You are viewing a plain text version of this content. The canonical link for it is here.
Posted to commits@hudi.apache.org by "haripriyarhp (via GitHub)" <gi...@apache.org> on 2023/03/17 13:11:25 UTC

[GitHub] [hudi] haripriyarhp opened a new issue, #8217: [SUPPORT] Async compaction & ingestion performance

haripriyarhp opened a new issue, #8217:
URL: https://github.com/apache/hudi/issues/8217

   **_Tips before filing an issue_**
   
   - Have you gone through our [FAQs](https://hudi.apache.org/learn/faq/)?
   
   - Join the mailing list to engage in conversations and get faster support at dev-subscribe@hudi.apache.org.
   
   - If you have triaged this as a bug, then file an [issue](https://issues.apache.org/jira/projects/HUDI/issues) directly.
   
   **Describe the problem you faced**
   
   I have a spark structured streaming job writing to MoR in S3. Based on the docs here https://hudi.apache.org/docs/next/compaction#spark-structured-streaming , I have set the properties for async compaction. As per my understanding, the compaction runs asynchronously so that ingestion also takes place in parallel. But what I observed is that the spark assigns all the resources to the compaction job and only when it is finished, it continues with the ingestion even though both the jobs are running in parallel. Is there something like --delta-sync-scheduling-weight", "--compact-scheduling-weight", ""--delta-sync-scheduling-minshare", and "--compact-scheduling-minshare" for spark structured streaming for ingestion and compaction to run in parallel with resource allocation ?
   
   **To Reproduce**
   
   Steps to reproduce the behavior:
   
   1.
   2.
   3.
   4.
   
   **Expected behavior**
   
   I expect compaction and ingestion is happening in parallel
   
   **Environment Description**
   
   * Hudi version : 0.13.0
   
   * Spark version : 3.1.2
   
   * Hive version :
   
   * Hadoop version :
   
   * Storage (HDFS/S3/GCS..) : S3
   
   * Running on Docker? (yes/no) : on spark operator on k8s
   
   Here is the screenshot of the micro batches for the spark structured streaming job. Normally each batch takes 4-6 mins. But the batches immediately following compaction is taking some time. 

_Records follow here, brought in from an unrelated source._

(* Let $(X,\rho,\mu)$ be a $K$-doubling metric measure space, let $x\in X$ with $\mu(\{x\})=0$, let $B$ be a $\mu$-neighborhood of $x$ and let $f\colon B\to[0,+\infty)$ be a Lipschitz function with $f(x)=0$. Then $$\limsup_{y\in B,\ y\to x}\frac{f(y)}{\rho(y,x)}=\mu\text{-}\limsup_{y\in B,\ y\to x}\frac{f(y)}{\rho(y,x)}.$$
   Context: A $K$-doubling metric measure space ($K>0$) is a triple $(X,\rho,\mu)$ where $(X,\rho)$ is a complete separable metric space and $\mu$ is a Borel-regular outer measure on $X$ with $0<\mu(B_{2r}(x))\le K\mu(B_r(x))<+\infty$ for all $x\in X$, $r>0$. A set $E\ni x$ is a $\mu$-neighborhood of $x$ if there is a Borel set $B\subseteq E$ with $\lim_{r\to0^+}\mu(B_r(x)\setminus B)/\mu(B_r(x))=0$. For a real function $g$ on $A\subseteq X$ and a point $x$ such that $A\cap U\setminus\{x\}\neq\emptyset$ for every $\mu$-neighborhood $U$ of $x$, one sets $\mu\text{-}\limsup_{y\in A,\,y\to x}g(y)=\inf_U\sup_{y\in U\cap A\setminus\{x\}}g(y)$, the infimum over all $\mu$-neighborhoods $U$ of $x$. *)

From HB Require Import structures.
From mathcomp Require Import all_boot all_order all_algebra.
From mathcomp Require Import all_classical all_reals all_analysis.
Set Implicit Arguments. Unset Strict Implicit. Unset Printing Implicit Defensive.
Import Order.TTheory GRing.Theory Num.Theory.
Import numFieldNormedType.Exports.
Local Open Scope classical_set_scope.
Local Open Scope ring_scope.

Section MMS.
Context {R : realType} {X : Type}.

Definition is_metric (rho : X -> X -> R) : Prop :=
  [/\ forall x y, 0 <= rho x y,
      forall x y, rho x y = 0 <-> x = y,
      forall x y, rho x y = rho y x &
      forall x y z, rho x z <= rho x y + rho y z].

Definition mball (rho : X -> X -> R) (x : X) (r : R) : set X :=
  [set y | rho x y < r].

Definition metric_complete (rho : X -> X -> R) : Prop :=
  forall u : nat -> X,
    (forall e : R, 0 < e -> exists N, forall m n, (N <= m)%N -> (N <= n)%N ->
        rho (u m) (u n) < e) ->
    exists l, forall e : R, 0 < e -> exists N, forall n, (N <= n)%N -> rho (u n) l < e.

Definition metric_separable (rho : X -> X -> R) : Prop :=
  exists D : nat -> X, forall x (e : R), 0 < e -> exists n, rho x (D n) < e.

Definition metric_open (rho : X -> X -> R) (A : set X) : Prop :=
  forall x, A x -> exists r : R, 0 < r /\ mball rho x r `<=` A.

Definition borel_set (rho : X -> X -> R) : set (set X) :=
  smallest (sigma_algebra setT) (metric_open rho).

Definition borel_regular (rho : X -> X -> R) (mu : set X -> \bar R) : Prop :=
  (forall A, borel_set rho A -> caratheodory_measurable mu A) /\
  (forall A, exists B, [/\ borel_set rho B, A `<=` B & mu B = mu A]).

Definition doubling_mms (K : R) (rho : X -> X -> R)
    (mu : {outer_measure set X -> \bar R}) : Prop :=
  [/\ 0 < K, is_metric rho, metric_complete rho /\ metric_separable rho,
      borel_regular rho mu &
      forall x (r : R), 0 < r ->
        [/\ (0 < mu (mball rho x (2 * r)))%E,
            (mu (mball rho x (2 * r)) <= K%:E * mu (mball rho x r))%E &
            (K%:E * mu (mball rho x r) < +oo)%E]].

Definition mu_nbhd (rho : X -> X -> R) (mu : set X -> \bar R) (x : X) (E : set X)
  : Prop :=
  E x /\ exists B, [/\ borel_set rho B, B `<=` E &
    (fun r : R => fine (mu (mball rho x r `\` B)) / fine (mu (mball rho x r)))
      @ 0^'+ --> 0].

Definition metric_limsup (rho : X -> X -> R) (A : set X) (g : X -> R) (x : X)
  : \bar R :=
  ereal_inf [set ereal_sup [set (g y)%:E | y in (A `&` mball rho x r) `\ x]
            | r in [set r : R | 0 < r]].

Definition mu_limsup (rho : X -> X -> R) (mu : set X -> \bar R) (A : set X)
    (g : X -> R) (x : X) : \bar R :=
  ereal_inf [set ereal_sup [set (g y)%:E | y in (U `&` A) `\ x]
            | U in mu_nbhd rho mu x].

Definition mms_lipschitz_on (rho : X -> X -> R) (B : set X) (f : X -> R) : Prop :=
  exists L : R, forall y z, B y -> B z -> `|f y - f z| <= L * rho y z.

End MMS.

(** Every ball around [x] is a μ-neighbourhood of [x], so the μ-limsup is at
    most the metric limsup. Conversely, a μ-neighbourhood [U] of [x] and [B]
    both contain Borel sets of density one at [x], hence so does [U ∩ B].  A
    set [E] of density one at [x] meets every ball [B(y, δ ρ(y,x))] with [y]
    close to [x]: by doubling, that ball carries a fixed fraction of the
    measure of [B(x, 2ρ(y,x))], while the complement of [E] carries a
    vanishing fraction.  For such a point [z ∈ E] the Lipschitz bound gives
    [f(y)/ρ(y,x) <= f(z)/ρ(z,x) + O(δ)], so the metric limsup is bounded by
    the supremum over [U ∩ B].

    Since [z] is found at distance about [ρ(y,x)] from [x], the argument never
    uses [μ {x} = 0], [f >= 0] or [f x = 0]. *)

From HB Require Import structures.
From mathcomp Require Import all_boot all_order all_algebra.
From mathcomp Require Import all_classical all_reals all_analysis.
From mathcomp Require Import lra.
Import Order.TTheory GRing.Theory Num.Theory.
Import numFieldNormedType.Exports.
Local Open Scope classical_set_scope.
Local Open Scope ring_scope.

Lemma lee_gtEFin (R : realType) (u v : \bar R) :
  (forall c : R, (v < c%:E)%E -> (u <= c%:E)%E) -> (u <= v)%E.
Proof.
case: v => [r||] uc.
- apply/lee_addgt0Pr => e e0; apply: uc.
  by rewrite lte_fin ltrDl.
- by rewrite leey.
- case: u uc => [a||] uc //.
  + by exfalso; have := uc (a - 1)%R (ltNyr _); rewrite lee_fin; lra.
  + by have := uc 0%R (ltNyr _).
Qed.

Section DoublingSpace.
Context {R : realType} {X : Type} {K : R} {rho : X -> X -> R}
  {mu : {outer_measure set X -> \bar R}}.
Hypothesis doubling : doubling_mms K rho mu.

Lemma rho_ge0 y z : 0 <= rho y z. Proof. by case: doubling => _ []. Qed.
Lemma rho_eq0 y z : rho y z = 0 <-> y = z. Proof. by case: doubling => _ []. Qed.
Lemma rhoC y z : rho y z = rho z y. Proof. by case: doubling => _ []. Qed.
Lemma rho_triangle y w z : rho y z <= rho y w + rho w z.
Proof. by case: doubling => _ []. Qed.
Lemma K_gt0 : 0 < K. Proof. by case: doubling. Qed.

Lemma rho_gt0 {y z : X} : y <> z -> 0 < rho y z.
Proof. by move=> yz; rewrite lt_def rho_ge0 andbT; apply/eqP => /rho_eq0. Qed.

Lemma mball_open z r : metric_open rho (mball rho z r).
Proof.
move=> w; rewrite /mball /= => zw; exists (r - rho z w).
split; first by rewrite subr_gt0.
by move=> v; rewrite /mball /= => wv; have := rho_triangle z w v; lra.
Qed.

Lemma mball_borel z r : borel_set rho (mball rho z r).
Proof. by move=> S [_ openS]; exact/openS/mball_open. Qed.

Lemma mu_mball_fin_num (z : X) {r : R} :
  0 < r -> mu (mball rho z r) \is a fin_num.
Proof.
move=> r0; case: doubling => _ _ _ _ /(_ z r r0) [_ _].
rewrite ge0_fin_numE ?outer_measure_ge0 // => Kmu_lt; rewrite ltey.
by apply: contraTN Kmu_lt => /eqP ->; rewrite gt0_muley ?lte_fin ?K_gt0.
Qed.

Lemma mu_sub_mball_fin_num {V : set X} {z : X} {r : R} :
  0 < r -> V `<=` mball rho z r -> mu V \is a fin_num.
Proof.
move=> r0 Vz; rewrite ge0_fin_numE ?outer_measure_ge0 //.
apply: le_lt_trans (le_outer_measure mu _ _ Vz) _.
by rewrite -ge0_fin_numE ?outer_measure_ge0 ?mu_mball_fin_num.
Qed.

Lemma fine_mu_le {V W : set X} {z : X} {r : R} :
  0 < r -> W `<=` mball rho z r -> V `<=` W -> fine (mu V) <= fine (mu W).
Proof.
move=> r0 Wz VW; have Vz := subset_trans VW Wz.
by apply: fine_le; [exact: (mu_sub_mball_fin_num r0 Vz)|
  exact: (mu_sub_mball_fin_num r0 Wz)| exact: le_outer_measure].
Qed.

Lemma fine_mu_mball_gt0 (z : X) {r : R} :
  0 < r -> 0 < fine (mu (mball rho z r)).
Proof.
move=> r0; have r20 : 0 < r / 2 by rewrite divr_gt0.
case: doubling => _ _ _ _ /(_ z (r / 2) r20) [+ _ _].
rewrite mulrC divfK ?pnatr_eq0 // => mu_gt0.
by rewrite fine_gt0 // mu_gt0 -ge0_fin_numE ?outer_measure_ge0 ?mu_mball_fin_num.
Qed.

Lemma doubling_expn n (z : X) {r : R} : 0 < r ->
  fine (mu (mball rho z (2 ^+ n * r))) <= K ^+ n * fine (mu (mball rho z r)).
Proof.
move=> r0; elim: n => [|n IH]; first by rewrite !expr0 !mul1r.
have rn0 : 0 < 2 ^+ n * r by rewrite mulr_gt0 // exprn_gt0.
case: doubling => _ _ _ _ /(_ z _ rn0) [_ mu_double _].
have r2n0 : 0 < 2 * (2 ^+ n * r) by rewrite mulr_gt0.
have fin_rn := mu_mball_fin_num z rn0.
have := fine_le (mu_mball_fin_num z r2n0) _ mu_double.
rewrite fin_numM // fineM // => /(_ isT) le_double.
rewrite exprS -mulrA (le_trans le_double) // exprS -mulrA.
by rewrite ler_wpM2l // (ltW K_gt0).
Qed.

Definition compl_ratio (x : X) (E : set X) (r : R) : R :=
  fine (mu (mball rho x r `\` E)) / fine (mu (mball rho x r)).

Definition density_point (x : X) (E : set X) : Prop :=
  compl_ratio x E @ 0^'+ --> 0.

Lemma mball_density_point x r : 0 < r -> density_point x (mball rho x r).
Proof.
move=> r0; apply/cvgrPdist_lt => e e0; near=> t.
have tr : t < r by near: t; exact: nbhs_right_lt.
rewrite /compl_ratio; have -> : mball rho x t `\` mball rho x r = set0.
  by apply/seteqP; split => // w [/= wt]; apply; exact: lt_trans tr.
by rewrite outer_measure0 /= mul0r subr0 normr0.
Unshelve. all: by end_near.
Qed.

Lemma density_pointI {x : X} {E1 E2 : set X} :
  density_point x E1 -> density_point x E2 -> density_point x (E1 `&` E2).
Proof.
move=> E1x E2x; have E12x : compl_ratio x E1 \+ compl_ratio x E2 @ 0^'+ --> 0.
  by rewrite -[X in _ --> X]addr0; exact: cvgD.
apply: (squeeze_cvgr _ (cvg_cst 0) E12x); near=> t.
have t0 : 0 < t by near: t; exact: nbhs_right_gt.
set T := mball rho x t; have T0 := fine_mu_mball_gt0 x t0.
have diff_fin E : mu (T `\` E) \is a fin_num.
  exact: mu_sub_mball_fin_num t0 (@subDsetl _ _ _).
rewrite /compl_ratio /= -mulrDl; apply/andP; split.
  by rewrite divr_ge0 ?fine_ge0 ?outer_measure_ge0 // (ltW T0).
rewrite ler_pM2r ?invr_gt0 // -fineD //.
apply: fine_le; rewrite ?fin_numD ?diff_fin //.
apply: le_trans (outer_measureU2 _ _ _); apply: le_outer_measure.
by move=> w [Tw /not_andP [E1w|E2w]]; [left|right].
Unshelve. all: by end_near.
Qed.

Lemma density_point_meets_mball {x : X} {E : set X} {delta : R} :
  density_point x E -> 0 < delta <= 1 ->
  exists2 r0, 0 < r0 & forall y, 0 < rho y x < r0 ->
    exists2 z, E z & rho y z < delta * rho y x.
Proof.
move=> Ex /andP[delta0 delta1].
pose n := Num.bound (4 / delta).
have n_large : 4 <= 2 ^+ n * delta.
  have /ltW := archi_boundP (divr_ge0 (ler0n _ 4) (ltW delta0)).
  rewrite ler_pdivrMr // => /le_trans; apply; rewrite ler_pM2r //.
  rewrite (_ : 2 ^+ n = (2 ^ n)%:R); last by rewrite natrX.
  by rewrite ler_nat ltnW // ltn_expl.
have Kn0 : 0 < K ^+ n by rewrite exprn_gt0 // K_gt0.
have iKn0 : 0 < (K ^+ n)^-1 by rewrite invr_gt0.
have /cvgrPdist_lt /(_ _ iKn0) [r1 /= r10 small] := Ex.
exists (r1 / 2); first by rewrite divr_gt0.
move=> y /andP[s0 sr1]; set s := rho y x in s0 sr1 *.
have s20 : 0 < 2 * s by rewrite mulr_gt0.
set T := mball rho x (2 * s); set Y := mball rho y (delta * s).
have : `|0 - compl_ratio x E (2 * s)| < (K ^+ n)^-1.
  by apply: small => //; rewrite /ball /= sub0r normrN gtr0_norm //; lra.
rewrite sub0r normrN => /(le_lt_trans (ler_norm _)).
rewrite /compl_ratio ltr_pdivrMr ?fine_mu_mball_gt0 // => E_sparse.
apply: contrapT => E_missing.
have YT : Y `<=` T.
  move=> w; rewrite /Y /T /mball /= => yw.
  by have := rho_triangle x y w; rewrite (rhoC x y) -/s; nra.
have TYn : T `<=` mball rho y (2 ^+ n * (delta * s)).
  move=> w; rewrite /T /mball /= => xw.
  by have := rho_triangle y x w; rewrite -/s; nra.
have ds0 : 0 < delta * s by rewrite mulr_gt0.
have Yn0 : 0 < 2 ^+ n * (delta * s) by rewrite mulr_gt0 ?exprn_gt0.
have Y_sparse : Y `<=` T `\` E.
  by move=> w Yw; split; [exact: YT | move=> Ew; apply: E_missing; exists w].
have mu_T : fine (mu T) <= K ^+ n * fine (mu (T `\` E)).
  apply: le_trans (fine_mu_le Yn0 (@subset_refl _ _) TYn) _.
  apply: le_trans (doubling_expn n y ds0) _.
  rewrite ler_wpM2l ?(ltW Kn0) //.
  exact: fine_mu_le s20 (@subDsetl _ _ _) Y_sparse.
by move: E_sparse; rewrite ltr_pdivlMl //; lra.
Qed.

Lemma mball_mu_nbhd x r : 0 < r -> mu_nbhd rho mu x (mball rho x r).
Proof.
move=> r0; split; first by rewrite /mball /= (proj2 (rho_eq0 x x) erefl).
exists (mball rho x r); split => //; first exact: mball_borel.
exact: mball_density_point.
Qed.

Lemma mu_limsup_le_metric_limsup A g x :
  (mu_limsup rho mu A g x <= metric_limsup rho A g x)%E.
Proof.
apply/ereal_infP => _ [r r0 <-]; apply: ereal_inf_lbound.
by exists (mball rho x r); [exact: mball_mu_nbhd | rewrite setIC].
Qed.

Lemma metric_limsup_ratio_le x A f E c :
  mms_lipschitz_on rho A f -> density_point x E -> E `<=` A ->
  (forall z, E z -> z <> x -> f z / rho z x <= c) ->
  (metric_limsup rho A (fun y => (f y / rho y x)%R) x <= c%:E)%E.
Proof.
move=> [L lipf] Ex EA Ec; apply/lee_addgt0Pr => e e0.
pose M := `|c| + `|L|; have M0 : 0 <= M by rewrite addr_ge0.
pose delta := Order.min 1 (e / (M + 1)).
have delta0 : 0 < delta by rewrite lt_min ltr01 divr_gt0 //; lra.
have Mdelta : M * delta <= e.
  have : delta <= e / (M + 1) by rewrite ge_min lexx orbT.
  move=> /(ler_wpM2l M0) /le_trans; apply.
  rewrite mulrA ler_pdivrMr; nra.
have delta01 : 0 < delta <= 1 by rewrite delta0 ge_min lexx.
have [r0 r00 near_E] := density_point_meets_mball Ex delta01.
apply: ge_ereal_inf.
exists (ereal_sup [set (f y / rho y x)%R%:E | y in (A `&` mball rho x r0) `\ x]).
  by exists r0.
apply: ge_ereal_sup => _ [y [[Ay xy] yx] <-]; rewrite -EFinD lee_fin.
set s := rho y x; have s0 : 0 < s := rho_gt0 yx.
have [z Ez yz] : exists2 z, E z & rho y z < delta * s.
  by apply: near_E; rewrite s0 /= /s rhoC.
have zx : z <> x by move=> zx; move: yz; rewrite zx -/s; nra.
have := Ec z Ez zx; rewrite ler_pdivrMr ?rho_gt0 // => fz.
have := lipf y z Ay (EA z Ez) => /(le_trans (ler_norm _)) lip.
have := rho_triangle z y x; have := rho_triangle y z x.
rewrite (rhoC z y) -/s => tri1 tri2.
have c_shift : c * rho z x <= c * s + `|c| * rho y z.
  rewrite -lerBlDl -mulrBr (le_trans (ler_norm _)) // normrM ler_wpM2l //.
  by rewrite ler_norml; apply/andP; split; lra.
have L_abs : L * rho y z <= `|L| * rho y z.
  by rewrite ler_wpM2r ?rho_ge0 ?ler_norm.
have M_yz : M * rho y z <= e * s.
  apply: le_trans (ler_wpM2l M0 (ltW yz)) _.
  by rewrite mulrA ler_wpM2r // ltW.
rewrite ler_pdivrMr // /M in M_yz *; nra.
Qed.

Lemma metric_limsup_le_mu_limsup {x : X} {A : set X} {f : X -> R} :
  mu_nbhd rho mu x A -> mms_lipschitz_on rho A f ->
  (metric_limsup rho A (fun y => (f y / rho y x)%R) x <=
   mu_limsup rho mu A (fun y => (f y / rho y x)%R) x)%E.
Proof.
move=> [_ [Ac [_ AcA Acx]]] lipf.
apply/ereal_infP => _ [U [_ [Uc [_ UcU Ucx]]] <-].
apply: lee_gtEFin => c sup_lt_c.
apply: metric_limsup_ratio_le lipf (density_pointI Ucx Acx) _ _.
  by move=> z [_ /AcA].
move=> z [/UcU Uz /AcA Az] zx; rewrite -lee_fin.
by apply/ltW/(le_lt_trans _ sup_lt_c)/ereal_sup_ubound; exists z.
Qed.

End DoublingSpace.

Theorem proposition2p4 (R : realType) (X : Type) (K : R) (rho : X -> X -> R)
    (mu : {outer_measure set X -> \bar R}) (x : X) (B : set X) (f : X -> R) :
  doubling_mms K rho mu ->
  mu [set x] = 0%E ->
  mu_nbhd rho mu x B ->
  (forall y, B y -> 0 <= f y) ->
  mms_lipschitz_on rho B f ->
  f x = 0 ->
  metric_limsup rho B (fun y => f y / rho y x) x =
  mu_limsup rho mu B (fun y => f y / rho y x) x.
Proof.
move=> doubling _ Bx _ lipf _; apply/le_anti/andP; split.
- by have := metric_limsup_le_mu_limsup doubling Bx lipf.
- by have := mu_limsup_le_metric_limsup doubling B (fun y => f y / rho y x) x.
Qed.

   ![async_compaction](https://user-images.githubusercontent.com/109664817/225903090-f2a8aaaf-aa34-49d6-aa59-c7127849832c.PNG)
   
   Time taken for a normal batch = 206
   ![sensor_morbloom_124_details](https://user-images.githubusercontent.com/109664817/225904984-b13864e8-ddb3-4bd9-8f14-7330d05956f6.PNG)
   
   Batch=207 
   Here you can see the last job 2961 is HoodieCompactionPlanGenerator which is adding 8.6 mins overhead to this batch.

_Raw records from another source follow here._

Lemma hyp2F1_coef_neq0 m : (m < l)%N -> hyp2F1_coef m != 0.
Proof.
move=> lt_ml; have l0 : 0 <= l%:R :> R by [].
have pl : pochhammer (1 - l%:R) m != 0 :> R.
  rewrite /pochhammer; apply/prodf_neq0 => i _.
  have : (i.+1 < l)%N by apply: leq_ltn_trans lt_ml.
  by rewrite -(ltr_nat R) -natr1 => ?; rewrite lt_eqF //; lra.
have pl2 : pochhammer (l%:R + 2) m != 0 :> R by rewrite gt_eqF ?pochhammer_gt0 //; lra.
have p2 : pochhammer 2 m != 0 :> R by rewrite gt_eqF ?pochhammer_gt0.
have fm : (m`!)%:R != 0 :> R by rewrite pnatr_eq0 -lt0n fact_gt0.
by rewrite /hyp2F1_coef !mulf_neq0 // invr_neq0 // mulf_neq0.
Qed.

Lemma size_hyp2F1_poly : size hyp2F1_poly = l.
Proof. by rewrite size_poly_eq // hyp2F1_coef_neq0 // prednK. Qed.

Lemma hyp2F1_poly_reflect : hyp2F1_poly \Po (1 - 'X) = (-1) ^+ l.-1 *: hyp2F1_poly.
Proof.
have c2 m : m.+1%:R * (m%:R + 2) != 0 :> R.
  by rewrite mulf_neq0 // -natrD pnatr_eq0 addn2.
have hom : hypergeom_op (1 - l%:R) (l%:R + 2) 2 (hyp2F1_poly \Po (1 - 'X)) = 0.
  rewrite hypergeom_op_reflect (_ : _ + _ + 1 - 2 = 2); last by ring.
  by rewrite hypergeom_op_hyp2F1_poly comp_poly0.
have size1X : size (1 - 'X : {poly R}) = 2.
  by rewrite -opprB size_polyN size_XsubC.
have lead1X : lead_coef (1 - 'X : {poly R}) = -1.
  by rewrite -opprB lead_coefN lead_coefXsubC.
have lead_neq0 : lead_coef hyp2F1_poly != 0.
  by rewrite lead_coef_eq0 -size_poly_eq0 size_hyp2F1_poly -lt0n.
have E := hypergeom_op_kernel c2 hom hypergeom_op_hyp2F1_poly hyp2F1_poly_coef0.
have := @lead_coef_comp _ hyp2F1_poly (1 - 'X); rewrite size1X => /(_ isT).
rewrite lead1X size_hyp2F1_poly {1}E lead_coefZ => lead_eq.
by rewrite E; congr (_ *: _); apply: (mulIf lead_neq0); rewrite lead_eq mulrC.
Qed.

Lemma hyp2F1_l_reflect (z : R) : hyp2F1_l l (1 - z) = (-1) ^+ l.-1 * hyp2F1_l l z.
Proof.
have -> : 1 - z = (1 - 'X).[z] by rewrite hornerD hornerN hornerX hornerC.
by rewrite !hyp2F1_lE -horner_comp hyp2F1_poly_reflect hornerZ.
Qed.
End Hyp2F1Polynomial.

Section Measurability.
Variable R : realType.

Lemma invr_measurable : measurable_fun setT (@GRing.inv R).
Proof.
apply: (eq_measurable_fun (fun x : R => if 0 <= x then powR x (-1) else - powR (- x) (-1))).
  move=> x _; case: ifPn => x0; first by rewrite powR_inv1.
  by rewrite powR_inv1 ?invrN ?opprK // oppr_ge0 ltW // ltNge.
apply: measurable_fun_if => //; first exact: measurable_fun_ler.
  exact: measurable_funS (measurable_powR _).
apply: measurable_funS (_ : measurable_fun setT (fun x : R => - powR (- x) (-1))) => //.
apply: measurable_funN.
exact: measurableT_comp (measurable_powR _) (@oppr_measurable R setT).
Qed.

Lemma laguerre_measurable (a : R) k : measurable_fun setT (laguerre a k).
Proof.
apply: measurable_sum => i.
by do 2 apply: measurable_funM => //; exact: exprn_measurable.
Qed.

Lemma hyp2F1_l_measurable l : measurable_fun setT (@hyp2F1_l R l).
Proof. by apply: measurable_sum => m; apply: measurable_funM => //; exact: exprn_measurable. Qed.

Lemma F0pos_measurable l n (mu C0 : R) : measurable_fun setT (F0pos l n mu C0).
Proof.
apply: measurable_funM; last exact: laguerre_measurable.
apply: measurable_funM.
  by apply: measurable_funM => //; exact: measurable_powR.
apply: measurableT_comp; first exact: measurable_expR.
by apply: measurable_funM => //; exact: measurable_funN.
Qed.

Lemma F0_measurable l n (mu C0 : R) : measurable_fun setT (F0 l n mu C0).
Proof.
have mF0N : measurable_fun setT (fun x : R => (-1) ^+ l * F0pos l n mu C0 (- x)).
  apply: measurable_funM => //.
  exact: measurableT_comp (F0pos_measurable _ _ _ _) (@oppr_measurable R setT).
apply: measurable_fun_if => //; first exact: measurable_fun_ltr.
  exact: measurable_funS (F0pos_measurable _ _ _ _).
apply: measurable_funS (_ : measurable_fun setT
  (fun x : R => if x < 0 then (-1) ^+ l * F0pos l n mu C0 (- x) else 0)) => //.
apply: measurable_fun_if => //; first exact: measurable_fun_ltr.
exact: measurable_funS mF0N.
Qed.
End Measurability.

Section OddIntegral.
Variable R : realType.
Local Notation mu := (@lebesgue_measure R).
Local Open Scope ereal_scope.

Lemma ge0_integral_reflect (phi : R -> \bar R) (A : set R) : measurable A ->
  measurable_fun setT phi -> (forall x, 0 <= phi x) ->
  \int[mu]_(x in A) phi x = \int[mu]_(x in -%R @^-1` A) phi (- x)%R.
Proof.
move=> mA mphi phi0.
have mN : measurable_fun setT (-%R : measurableTypeR R -> measurableTypeR R).
  exact: oppr_measurable.
rewrite -[RHS](ge0_integral_pushforward mN mu mA) //=; last exact: measurable_funS mphi.
by apply: eq_measure_integral => //= B mB _; exact/esym/lebesgue_measureN.
Qed.

Lemma ge0_integral_itv_bndbnd (phi : R -> \bar R) (c x d : itv_bound R) :
  (c <= x)%O -> (x <= d)%O -> measurable_fun setT phi -> (forall y, 0 <= phi y) ->
  \int[mu]_(y in [set` Interval c d]) phi y =
  \int[mu]_(y in [set` Interval c x]) phi y + \int[mu]_(y in [set` Interval x d]) phi y.
Proof.
move=> cx xd mphi phi0; rewrite (itv_bndbnd_setU cx xd) ge0_integral_setU //.
- exact: measurable_funS mphi.
- apply: (@lt_disjoint R (Interval _ _) (Interval _ _)) => y z.
  rewrite !itv_boundlr => /andP[_ yx] /andP[xz _].
  by have := le_trans yx xz; rewrite bnd_simp.
Qed.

   ![sensor_morbloom_125_details](https://user-images.githubusercontent.com/109664817/225903294-18ee13ad-bafc-4f57-a820-cf7f9eb6237a.PNG)
   
   Batch=208
   Here you can see it starts with job 2963 but 2964-2972 is for compaction and you can see it continues with 2973 only after compaction jobs are finished even though it runs on a different thread(see below pic). And time taken for different stages like Load base files, Building workload profile and getting small files has drastically increased. Refer batch 206 for normal time taken. 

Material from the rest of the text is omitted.